Exercise objective: Filter the data below, keeping only lines that contain "funext".

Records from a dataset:

========================================================================

Lemma pplus_consensus_complementary {R : realType} {I : finType} {n : nat}
    (lam : I -> 'cV[R]_n) (j0 : I) (v : 'cV[R]_n) :
  (forall j, pplus R (lam j) = pplus R (lam j0)) ->
  \sum_j (pplus R (lam j) - lam j) + v = 0 -> complementary (pplus R (lam j0)) v.
Proof.
move=> consensus /matrixP residual k; rewrite mxE; split; first by rewrite le_max lexx orbT.
have [->|L_neq0] := eqVneq (Num.max (lam j0 k 0) 0) 0; first by rewrite mul0r.
suff -> : v k 0 = 0 by rewrite mulr0.
have := residual k 0; rewrite !mxE summxE big1 ?add0r // => j _.
have /matrixP/(_ k 0) := consensus j; rewrite !mxE => Lj; move: L_neq0; rewrite -Lj.
by case: (lerP 0 (lam j k 0)); rewrite ?subrr ?eqxx.
Qed.

Section ClosedLoopEquilibrium.
Context {R : realType} {N : nat} {m : 'I_N -> nat} {r p : nat}.
Context {qB : forall i, 'I_(m i) -> nat}
  {B : forall i (j : 'I_(m i)), 'M[R]_(qB i j, r)}
  {b : forall i (j : 'I_(m i)), 'cV[R]_(qB i j)}
  {G : forall i, 'I_(m i) -> 'M[R]_(p, r)}
  {g : forall i, 'I_(m i) -> 'cV[R]_p}
  {gJ : agent N m -> agent N m -> profile R N m r -> 'cV[R]_r}
  {adj : forall i, rel 'I_(m i)} {abar : rel (agent N m)}
  {Ee : forall i, 'I_(m i) -> 'cV[R]_r -> 'M[R]_r}
  {Ce : forall i, 'I_(m i) -> 'cV[R]_r -> 'cV[R]_r -> 'M[R]_r}
  {De : forall i, 'I_(m i) -> 'cV[R]_r -> 'cV[R]_r}
  {qmu : forall i, 'I_(m i) -> nat}
  {Ups : forall i (j : 'I_(m i)), 'cV[R]_r -> 'cV[R]_r -> 'cV[R]_r -> 'cV[R]_r ->
          'M[R]_(r, qmu i j)}
  {dist : forall i, 'I_(m i) -> R -> 'cV[R]_r}
  {alpha beta gamma kappa : R}
  {xs : profile R N m r} {muh : forall i (j : 'I_(m i)), 'cV[R]_(qmu i j)}
  {dh : forall i, 'I_(m i) -> R} {xh eta th : profile R N m r}
  {om : forall i (j : 'I_(m i)), 'cV[R]_(qB i j)}
  {lam rho : forall i, 'I_(m i) -> 'cV[R]_p}
  {xi zeta : forall i, 'I_(m i) -> 'I_(m i) -> 'cV[R]_r}
  {s : agent N m -> agent N m -> 'cV[R]_r}.
Hypothesis eqm : closed_loop_equilibrium B b G g gJ adj abar Ee Ce De Ups dist
  alpha beta gamma kappa xs muh dh xh eta th om lam rho xi zeta s.

Lemma equilibrium_th0 a : th a = 0.
Proof. by case: a => i j; have /= [_ [_ [_ [_ [th0 _]]]]] := eqm i j. Qed.

Lemma equilibrium_xs_eta : xs = eta.
Proof.
apply: funext => -[i j]; have /= [_ [_ [_ [xh_eq _]]]] := eqm i j.
by apply/eqP; move: xh_eq; rewrite equilibrium_th0 sub0r => /esym/eqP; rewrite oppr_eq0 subr_eq0.
Qed.

Hypotheses (beta_gt0 : 0 < beta) (kappa_gt0 : 0 < kappa).
Hypotheses (adj_sym : forall i, symmetric (adj i))
  (adj_conn : forall i j l, connect (adj i) j l) (abar_conn : forall u v, connect abar u v).

Lemma equilibrium_estimates a : sfull R N m r eta s a = eta.
Proof.
apply: funext => q; rewrite {1}/sfull; case: eqP => [->//|/eqP q_neq_a].
suff harm a' : a' != q ->
    \sum_l (abar a' l)%:R *: (sfull R N m r eta s a' q - sfull R N m r eta s l q) = 0.
  by have := harmonic_cV_eq_sink abar_conn _ q harm a; rewrite /sfull eqxx (negbTE q_neq_a).
case: a' => i j a'_neq_q; have /= [_ [_ [_ [_ [_ [_ [_ [_ [_ [_ [_ est_eq]]]]]]]]]]] := eqm i j.
have := est_eq q; rewrite eq_sym a'_neq_q => /(_ isT) /eqP.
by rewrite scaler_eq0 oppr_eq0 (gt_eqF kappa_gt0) => /eqP.
Qed.

Lemma equilibrium_pplus_lam i j j' : pplus R (lam i j) = pplus R (lam i j').
Proof.
apply: (harmonic_cV_eq_sink (adj_conn i) (fun j => pplus R (lam i j))) => j'' _.
by have /= [_ [_ [_ [_ [_ [_ [_ [_ [cons_eq _]]]]]]]]] := eqm i j''.
Qed.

========================================================================

Result of the exercise:
apply: funext => -[i j]; have /= [_ [_ [_ [xh_eq _]]]] := eqm i j.
apply: funext => q; rewrite {1}/sfull; case: eqP => [->//|/eqP q_neq_a].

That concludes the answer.